Lufthansa flies 5 times a week from Frankfurt directly to Libreville.
Culture and Media
Gabonese music is at least in comparison with regional giants like the Democratic Republic of Congo and Cameroon known. The country has a variety of folk styles, as well as pop stars like Annie and patience Dabany Batchiellilys Flore, Gabonese singer and renowned live performer. Also known are guitarists like Georges Oyendze, The Rose and Sylvain Avara Mbadou, and the singer Oliver N’Goma. Imported rock and hip hop from the U.S. and UK are very popular in Gabon, like rumba, soukous and are Makossa.

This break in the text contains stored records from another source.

Lemma maximal_residue_inv M a : maximal_ideal_p M -> ~ M a -> exists b, M (b * a - 1).
Proof.
move=> [[iM _] maxM] nMa.
pose J x := exists m r, M m /\ x = m + r * a.
have iJ : is_ideal J.
  split; first by exists 0, 0; split; [case: iM | rewrite mul0r addr0].
  split=> [x y [m1 [r1 [M1 ->]]] [m2 [r2 [M2 ->]]] | c x [m1 [r1 [M1 ->]]]].
    exists (m1 + m2), (r1 + r2); split; first exact: idealD.
    by rewrite mulrDl addrACA.
  exists (c * m1), (c * r1); split; first exact: idealM.
  by rewrite mulrDr mulrA.
have [x Mx|MJ|[m [r [Mm E]]]] := maxM J iJ.
- by exists x, 0; rewrite mul0r addr0.
- case: nMa; apply/MJ; exists 0, 1.
  by split; [case: iM | rewrite add0r mul1r].
- exists r; have -> : r * a - 1 = - m by rewrite E opprD addrCA subrr addr0.
  exact: idealN.
Qed.

Lemma prod_ideal_is_ideal I J : is_ideal I -> is_ideal (prod_ideal I J).
Proof.
move=> iI; split; first by exists 0%N, (fun _ => 0), (fun _ => 0); split; [case | rewrite big_ord0].
split=> [x y [n1 [a1 [b1 [IJ1 ->]]]] [n2 [a2 [b2 [IJ2 ->]]]] | c x [n [a [b [IJ ->]]]]].
  pose cat (u1 : 'I_n1 -> R) (u2 : 'I_n2 -> R) i :=
    match split i with inl j => u1 j | inr j => u2 j end.
  exists (n1 + n2)%N, (cat a1 a2), (cat b1 b2); split; first by move=> i; rewrite /cat; case: split.
  by rewrite big_split_ord /cat; congr (_ + _); apply: eq_bigr => i _;
    rewrite ?(unsplitK (inl i)) ?(unsplitK (inr i)).
exists n, (fun i => c * a i), b; split.
  by move=> i; have [Ia Jb] := IJ i; split => //; apply: idealM.
by rewrite mulr_sumr; apply: eq_bigr => i _; rewrite mulrA.
Qed.

Lemma prod_ideal_subr I J x : is_ideal J -> prod_ideal I J x -> J x.
Proof.
move=> iJ [n [a [b [IJ ->]]]]; apply: ideal_sum => // i.
by apply: idealM => //; case: (IJ i).
Qed.

Lemma prod_ideal_mul I J a b : I a -> J b -> prod_ideal I J (a * b).
Proof. by move=> Ia Jb; exists 1%N, (fun _ => a), (fun _ => b); rewrite big_ord1. Qed.

Lemma noetherian_chain_stationary (C : nat -> R -> Prop) : noetherian R ->
  (forall n, is_ideal (C n)) -> (forall n x, C n x -> C n.+1 x) ->
  exists K, forall n x, C n x -> C K x.
Proof.
move=> noeth iC incC.
have mono i j x : (i <= j)%N -> C i x -> C j x.
  by move/subnK <-; elim: (j - i)%N => // d IH /IH /incC.
pose U x := exists n, C n x.
have iU : is_ideal U.
  split; first by exists 0%N; case: (iC 0%N).
  split=> [x y [i Cx] [j Cy] | c x [i Cx]]; last by exists i; apply: idealM.
  exists (maxn i j); apply: idealD; first exact: iC.
    exact: mono (leq_maxl i j) Cx.
  exact: mono (leq_maxr i j) Cy.
have [m [g genU]] := noeth U iU.
have [idx Cg] := fin_all_exists (generators_mem genU).
exists (\max_i idx i)%N => n x Cx.
have /genU [c ->] : U x by exists n.
apply: ideal_sum; first exact: iC.
move=> i; apply: idealM; first exact: iC.
exact: mono (leq_bigmax i) (Cg i).
Qed.

Lemma proper_ideal_sub_maximal J : noetherian R -> proper_ideal_p J ->
  exists M, maximal_ideal_p M /\ forall x, J x -> M x.
Proof.
move=> noeth PJ; apply: NNPP => noM.
pose P K := proper_ideal_p K /\ forall x, J x -> K x.
pose larger K K' := P K' /\ (forall x, K x -> K' x) /\ exists y, K' y /\ ~ K y.
have grow K : P K -> exists K', larger K K'.
  move=> [PK JK]; apply: NNPP => noK'; apply: noM; exists K; split=> //; split=> //.
  move=> K' iK' KK'; have [K'1|nK'1] := classic (K' 1); first by right.
  left=> x; split=> [K'x|]; last exact: KK'.
  apply: NNPP => nKx; apply: noK'; exists K'; split; last by split=> //; exists x.
  by split=> // y /JK /KK'.
pose C n := iter n (fun K => epsilon (inhabits K) (larger K)) J.
have CP n : P (C n) /\ larger (C n) (C n.+1).
  elim: n => [|n [_ [PCn _]]]; [have PC : P (C 0%N) by split | have PC := PCn];
    by split=> //; apply: epsilon_spec; apply: grow.
have [K stat] : exists K, forall n x, C n x -> C K x.
  apply: noetherian_chain_stationary => // [n | n x]; first by case: (CP n) => [[[]]].
  by case: (CP n) => _ [_ []] => sub _; apply: sub.
by have [_ [_ [_ [y [CKy nCKy]]]]] := CP K; apply/nCKy/(stat K.+1).
Qed.

Lemma vec_indep_rcons0 M e t (Rl : 'I_t -> 'I_e -> R) :
  vec_indep M Rl -> vec_indep M (fun l => rcons_fam (Rl l) 0).
Proof.
move=> indep_Rl c Mc; apply: indep_Rl => i.
by have := Mc (widen_ord (leqnSn e) i); under eq_bigr do rewrite rcons_fam_widen.
Qed.

Lemma vec_indep_rcons M e t (Rl : 'I_t -> 'I_e -> R) rho : is_ideal M ->
  rho ord_max = 1 -> vec_indep M Rl ->
  vec_indep M (rcons_fam (fun l => rcons_fam (Rl l) 0) rho).
Proof.
move=> iM rho1 indep_Rl c Mc.
have Mct : M (c ord_max).
  have := Mc ord_max; rewrite big_ord_recr /= !rcons_fam_max rho1 mulr1.
  by under eq_bigr do rewrite rcons_fam_widen rcons_fam_max mulr0; rewrite big1_eq add0r.
elim/widen_ordP => //; apply: indep_Rl => i.
have := Mc (widen_ord (leqnSn e) i); rewrite big_ord_recr /= rcons_fam_max.
under eq_bigr do rewrite !rcons_fam_widen.
by move/idealDl_cancel; apply=> //; rewrite mulrC; apply: idealM.
Qed.

End Ideals.

Lemma exists_max_nat (P : nat -> Prop) n :
  P 0%N -> (forall k, P k -> (k <= n)%N) -> exists d, P d /\ ~ P d.+1.
Proof.
move=> P0 bounded; apply: NNPP => noMax.
have Pall d : P d by elim: d => // d IH; apply: NNPP => nPd; apply: noMax; exists d.
by have := bounded _ (Pall n.+1); rewrite ltnn.
Qed.

Section ResidueLinearAlgebra.
Variables (R : comNzRingType) (V : lmodType R) (M : R -> Prop) (N : V -> Prop).
Hypothesis N_submod : is_submod N.

(* The R/M-vector space S/N is handled through representatives in V: a family is free
   when every relation holding modulo N has all its coefficients in M, and [killed v]
   (M v included in N) says that the class of v is a vector of that space. *)
Definition free_mod k (u : 'I_k -> V) : Prop :=
  forall c : 'I_k -> R, N (\sum_(j < k) c j *: u j) -> forall j, M (c j).

Definition span_mod k (u : 'I_k -> V) (v : V) : Prop :=
  exists a : 'I_k -> R, N (v - \sum_(j < k) a j *: u j).

Definition killed (v : V) : Prop := forall c, M c -> N (c *: v).

Definition dim_mod (S : V -> Prop) (d : nat) : Prop :=
  (exists w : 'I_d -> V, (forall j, S (w j)) /\ free_mod w) /\
  (forall w : 'I_d.+1 -> V, (forall j, S (w j)) -> ~ free_mod w).

Lemma free_mod_widen k (u : 'I_k.+1 -> V) :
  free_mod u -> free_mod (fun j => u (widen_ord (leqnSn k) j)).
Proof.
move=> free_u c Nc j; have := free_u (rcons_fam c 0) _ (widen_ord (leqnSn k) j).
rewrite rcons_fam_widen; apply; rewrite big_ord_recr /= rcons_fam_max scale0r addr0.
by under eq_bigr => i _ do rewrite rcons_fam_widen.
Qed.

Lemma free_mod_eq k (u u' : 'I_k -> V) : u =1 u' -> free_mod u -> free_mod u'.
Proof. by move=> eq_u free_u c; under eq_bigr do rewrite -eq_u; apply: free_u. Qed.

Lemma dim_mod_le S d k (w : 'I_k -> V) :
  dim_mod S d -> (forall j, S (w j)) -> free_mod w -> (k <= d)%N.
Proof.
move=> [_ maxd]; elim: k w => // k IH w Sw free_w.
have := IH _ (fun j => Sw _) (free_mod_widen free_w).
by rewrite leq_eqVlt => /orP [/eqP ekd|//]; subst d; case: (maxd w).
Qed.

Lemma span_modD k (u : 'I_k -> V) v1 v2 :
  span_mod u v1 -> span_mod u v2 -> span_mod u (v1 + v2).
Proof.
move=> [a Na] [b Nb]; exists (fun j => a j + b j).
suff -> : v1 + v2 - \sum_(j < k) (a j + b j) *: u j =
    (v1 - \sum_(j < k) a j *: u j) + (v2 - \sum_(j < k) b j *: u j) by apply: submodD.
under eq_bigr => j _ do rewrite scalerDl.
by rewrite big_split /= opprD addrACA.
Qed.

Lemma span_modZ k (u : 'I_k -> V) (c : R) v : span_mod u v -> span_mod u (c *: v).
Proof.
move=> [a Na]; exists (fun j => c * a j).
suff -> : c *: v - \sum_(j < k) (c * a j) *: u j = c *: (v - \sum_(j < k) a j *: u j).
  exact: submodZ.
by rewrite scalerBr scaler_sumr; under eq_bigr => j _ do rewrite -scalerA.
Qed.

Lemma span_mod_submod k (u : 'I_k -> V) v : N v -> span_mod u v.
Proof. by move=> Nv; exists (fun _ => 0); rewrite big1 ?subr0 // => j _; rewrite scale0r. Qed.

Lemma span_mod_sum k (u : 'I_k -> V) n (F : 'I_n -> V) :
  (forall i, span_mod u (F i)) -> span_mod u (\sum_(i < n) F i).
Proof.
move=> spanF; elim/big_ind: _ => //; last exact: span_modD.
exact/span_mod_submod/(submod0 N_submod).
Qed.

Lemma free_mod_lift_sub k (w : 'I_k.+1 -> V) j0 (al : 'I_k -> R) :
  free_mod w -> free_mod (fun j => w (lift j0 j) - al j *: w j0).
Proof.
move=> free_w c Nc j.
pose c' i := if unlift j0 i is Some j then c j else - \sum_(j < k) c j * al j.
suff /free_w/(_ (lift j0 j)) : N (\sum_(i < k.+1) c' i *: w i) by rewrite /c' liftK.
suff -> : \sum_(i < k.+1) c' i *: w i = \sum_(j < k) c j *: (w (lift j0 j) - al j *: w j0).
  exact: Nc.
rewrite (bigD1_ord j0) //= /c' unlift_none.
under eq_bigr => i _ do rewrite liftK.
under [RHS]eq_bigr => i _ do rewrite scalerBr scalerA.
by rewrite sumrB addrC scaleNr scaler_suml.
Qed.

Hypothesis M_max : maximal_ideal_p M.

Let M_ideal : is_ideal M := M_max.1.1.

Lemma span_mod_of_not_free_rcons k (u : 'I_k -> V) s :
  free_mod u -> killed s -> ~ free_mod (rcons_fam u s) -> span_mod u s.
Proof.
move=> free_u killed_s not_free.
have [c [Nc [j nMcj]]] : exists c, N (\sum_(i < k.+1) c i *: rcons_fam u s i) /\
    exists j, ~ M (c j).
  apply: NNPP => H; apply: not_free => c Nc j; apply: NNPP => nM; apply: H.
  by exists c; split => //; exists j.
move: Nc; rewrite big_ord_recr /= rcons_fam_max.
under eq_bigr => i _ do rewrite rcons_fam_widen.
set X := \sum_(i < k) _ => NXs.
have nMmax : ~ M (c ord_max).
  move=> Mmax; apply: nMcj; elim/widen_ordP: j => // j.
  exact: free_u (submodDl_cancel N_submod NXs (killed_s _ Mmax)) j.
have [b Mb] := maximal_residue_inv M_max nMmax.
exists (fun i => - (b * c (widen_ord (leqnSn k) i))).
suff -> : s - \sum_(i < k) - (b * c (widen_ord (leqnSn k) i)) *: u i
    = b *: (X + c ord_max *: s) - (b * c ord_max - 1) *: s.
  by apply: submodB => //; [apply: submodZ | apply: killed_s].
under eq_bigr => i _ do rewrite scaleNr -scalerA.
rewrite sumrN opprK -scaler_sumr scalerDr scalerBl scalerA scale1r.
by rewrite opprB -addrA subrKC addrC.
Qed.

Lemma free_mod_rcons k (u : 'I_k -> V) s :
  free_mod u -> killed s -> ~ span_mod u s -> free_mod (rcons_fam u s).
Proof.
move=> free_u killed_s not_span; apply: NNPP => not_free; apply: not_span.
exact: span_mod_of_not_free_rcons.
Qed.

Lemma free_mod_le_span n (u : 'I_n -> V) k (w : 'I_k -> V) :
  (forall i, killed (u i)) -> (forall j, span_mod u (w j)) -> free_mod w -> (k <= n)%N.
Proof.
elim: n u k w => [|n IH] u [|k] w killed_u span_w free_w //.
  have N_w j : N (w j) by have [a] := span_w j; rewrite big_ord0 subr0.
  have [[_ nM1] _] := M_max; case: nM1; apply: (free_w (fun _ => 1) _ ord0).
  by under eq_bigr do rewrite scale1r; apply: submod_sum.
have [a Ea] := fin_all_exists span_w.
pose u' i := u (widen_ord (leqnSn n) i).
have span_w' j : span_mod u' (w j - a j ord_max *: u ord_max).
  exists (fun i => a j (widen_ord (leqnSn n) i)).
  by move: (Ea j); rewrite big_ord_recr /= opprD addrA addrAC.
have [M_all|/not_all_ex_not [j0 nMj0]] := classic (forall j, M (a j ord_max)).
  apply/leqW/(IH u' _ w _ _ free_w) => [i|j]; first exact: killed_u.
  rewrite -(subrK (a j ord_max *: u ord_max) (w j)).
  exact/span_modD/span_mod_submod/killed_u.
(* w j0 has a unit coefficient on u ord_max: use it to eliminate u ord_max. *)
have [b Mb] := maximal_residue_inv M_max nMj0.
pose al j := a (lift j0 j) ord_max * b.
rewrite ltnS; apply: (IH u' _ (fun j => w (lift j0 j) - al j *: w j0)) => [i|j|].
- exact: killed_u.
- set c := a (lift j0 j) ord_max.
  have -> : w (lift j0 j) - al j *: w j0 = (w (lift j0 j) - c *: u ord_max)
      - al j *: (w j0 - a j0 ord_max *: u ord_max) - (c * (b * a j0 ord_max - 1)) *: u ord_max.
    rewrite /al scalerBr !scalerA mulrBr mulr1 scalerBl !mulrA.
    by rewrite !opprB addrAC addrA subrKA subrK.
  apply: span_modD; last first.
    by apply/span_mod_submod/(submodN N_submod)/killed_u; apply: idealM M_ideal Mb.
  by apply: span_modD => //; rewrite -scaleNr; apply: span_modZ.
- exact: free_mod_lift_sub.
Qed.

Folk instruments include the Obala of Gabon, the ngombi, balafon and traditional percussion. A country with a predominantly oral tradition to the spread of literacy in the 21st Century, Gabon is rich in folklore and mythology. “The Raconteurs” are currently in the traditions alive as mvett under the fangs and ingwala under Nzebis.
Gabon has an internationally renowned masks as n’goltang (catcher) and numbers relicary of Kota. Each group has its own set of masks used for various reasons. They are mainly used in traditional ceremonies such as marriage, birth and burial. Traditionalists mainly work with rare local woods and other precious materials.

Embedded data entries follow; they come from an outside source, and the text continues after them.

(* The following five $8$-dimensional complex Lie algebras are mutually non-isomorphic. Each has basis $\mathbf x_1,\dots,\mathbf x_6,\mathbf y_1,\mathbf y_2$, with the listed nonzero brackets (together with those obtained by antisymmetry) and all other brackets of basis elements equal to zero: (1) $N^{8,2}_1$: $[\mathbf x_1,\mathbf x_2]=\mathbf y_1$, $[\mathbf x_3,\mathbf x_4]=\mathbf y_2$, $[\mathbf x_5,\mathbf x_6]=\mathbf y_1+\mathbf y_2$; (2) $N^{8,2}_2$: $[\mathbf x_5,\mathbf x_2]=[\mathbf x_6,\mathbf x_1]=\mathbf y_1$, $[\mathbf x_5,\mathbf x_3]=[\mathbf x_6,\mathbf x_4]=\mathbf y_2$; (3) $N^{8,2}_3$: $[\mathbf x_1,\mathbf x_2]=[\mathbf x_6,\mathbf x_5]=\mathbf y_1$, $[\mathbf x_3,\mathbf x_6]=[\mathbf x_5,\mathbf x_4]=\mathbf y_2$; (4) $N^{8,2}_4$: $[\mathbf x_1,\mathbf x_2]=[\mathbf x_3,\mathbf x_6]=[\mathbf x_5,\mathbf x_4]=\mathbf y_1$, $[\mathbf x_6,\mathbf x_5]=\mathbf y_2$; (5) $N^{8,2}_5$: $[\mathbf x_1,\mathbf x_6]=[\mathbf x_3,\mathbf x_4]=[\mathbf x_5,\mathbf x_2]=\mathbf y_1$, $[\mathbf x_6,\mathbf x_3]=[\mathbf x_4,\mathbf x_5]=\mathbf y_2$. *)

(* Complex numbers: C := R[i] = complex R for R : realType
   (mathcomp-real-closed's complex numbers over the reals). *)
From HB Require Import structures.
From mathcomp Require Import all_boot all_order all_algebra.
From mathcomp Require Import reals complex.
Set Implicit Arguments. Unset Strict Implicit. Unset Printing Implicit Defensive.
Import Order.TTheory GRing.Theory Num.Theory.
Local Open Scope ring_scope.

Section LieSC.
Variable F : fieldType.
Variable n : nat.

(* structure constants: [e_i, e_j] = c i j, for the standard basis e_i of F^n
   (vectors are coordinate rows 'rV[F]_n) *)
Definition structure_constants := 'I_n -> 'I_n -> 'rV[F]_n.

Definition lie_br (c : structure_constants) (u v : 'rV[F]_n) : 'rV[F]_n :=
  \sum_(i < n) \sum_(j < n) (u 0 i * v 0 j) *: c i j.

Definition lie_isomorphic (c1 c2 : structure_constants) : Prop :=
  exists A : 'M[F]_n, A \in unitmx /\
    forall u v : 'rV[F]_n, lie_br c2 (u *m A) (v *m A) = lie_br c1 u v *m A.

Definition bvec (k : nat) : 'rV[F]_n := \row_(j < n) ((j : nat) == k)%:R.

(* structure constants from a list of nonzero brackets [e_a, e_b] = w
   (0-based indices), extended by antisymmetry, all others zero *)
Definition sc_of_list (l : seq (nat * nat * 'rV[F]_n)) : structure_constants :=
  fun i j => \sum_(t <- l)
     (((t.1.1 == i) && (t.1.2 == j))%:R *: t.2
      - ((t.1.1 == j) && (t.1.2 == i))%:R *: t.2).
End LieSC.

(* Basis x_1..x_6, y_1, y_2 of C^8: x_k has index k-1, y_k has index k+5. *)
Definition xi (k : nat) : nat := k.-1.
Definition yv (F : fieldType) (k : nat) : 'rV[F]_8 := bvec F 8 (k + 5).

Section N82.
Variable F : fieldType.
Local Notation y := (yv F).

Definition N82_1 : structure_constants F 8 := sc_of_list
  [:: (xi 1, xi 2, y 1); (xi 3, xi 4, y 2); (xi 5, xi 6, y 1 + y 2)].
Definition N82_2 : structure_constants F 8 := sc_of_list
  [:: (xi 5, xi 2, y 1); (xi 6, xi 1, y 1); (xi 5, xi 3, y 2); (xi 6, xi 4, y 2)].
Definition N82_3 : structure_constants F 8 := sc_of_list
  [:: (xi 1, xi 2, y 1); (xi 6, xi 5, y 1); (xi 3, xi 6, y 2); (xi 5, xi 4, y 2)].
Definition N82_4 : structure_constants F 8 := sc_of_list
  [:: (xi 1, xi 2, y 1); (xi 3, xi 6, y 1); (xi 5, xi 4, y 1); (xi 6, xi 5, y 2)].
Definition N82_5 : structure_constants F 8 := sc_of_list
  [:: (xi 1, xi 6, y 1); (xi 3, xi 4, y 1); (xi 5, xi 2, y 1);
      (xi 6, xi 3, y 2); (xi 4, xi 5, y 2)].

Radio Broadcasting Television Gabon (RTG), which is owned and operated by the government, issues in French and Aboriginal languages. Color television was introduced in major cities. In 1981 began a commercial radio station Africa No. 1 operations. The radio station’s strongest on the continent, it has the participation of French and Gabonese governments and private European media. In 2004, the government has succeeded were two radio stations and seven other private.
There were also two television stations and four private government. In 2003 there were an estimated 488 308 radios and television sets per 1,000 inhabitants. Some 11.5 of every 1,000 people subscribe to cable. In 2003, there were 22.4 personal computers per 1,000 people and 26 people in 1000 had access to the Internet. The national press is the news agency of Gabon, which publishes a daily newspaper, the Gabon-Matin (circulation 18,000 in 2002). The Union in Libreville, the state-controlled daily newspaper, had an average daily circulation of 40,000 in 2002. The weekly Gabon released today by the Department of Communications. There are about nine private journals, which are independent or affiliated to political parties. They publish in small numbers and are often delayed due to financial constraints. The Constitution of Gabon to the freedom of speech and a free press and the government supports these rights. Several regular active criticize the government and foreign publications are widely available.
A valid yellow fever vaccination is required for entry. Occasionally, a cholera vaccination certificate is required as the border for entry. Medical care is nationally recognized for serious diseases or injuries are not sufficient. More serious diseases should therefore be treated in Europe and South Africa. There is a high malaria risk exists throughout the country.
Mostly tropical climate, 100% humidity and about 28-32 degrees temperature. Near the coast the weather is more temperate, tropical inland.
Groups-should or photographing individuals, particularly the Islamic faith, without the prior permission of the individual concerned shall be under any circumstances, be as it may trigger aggressive behavior.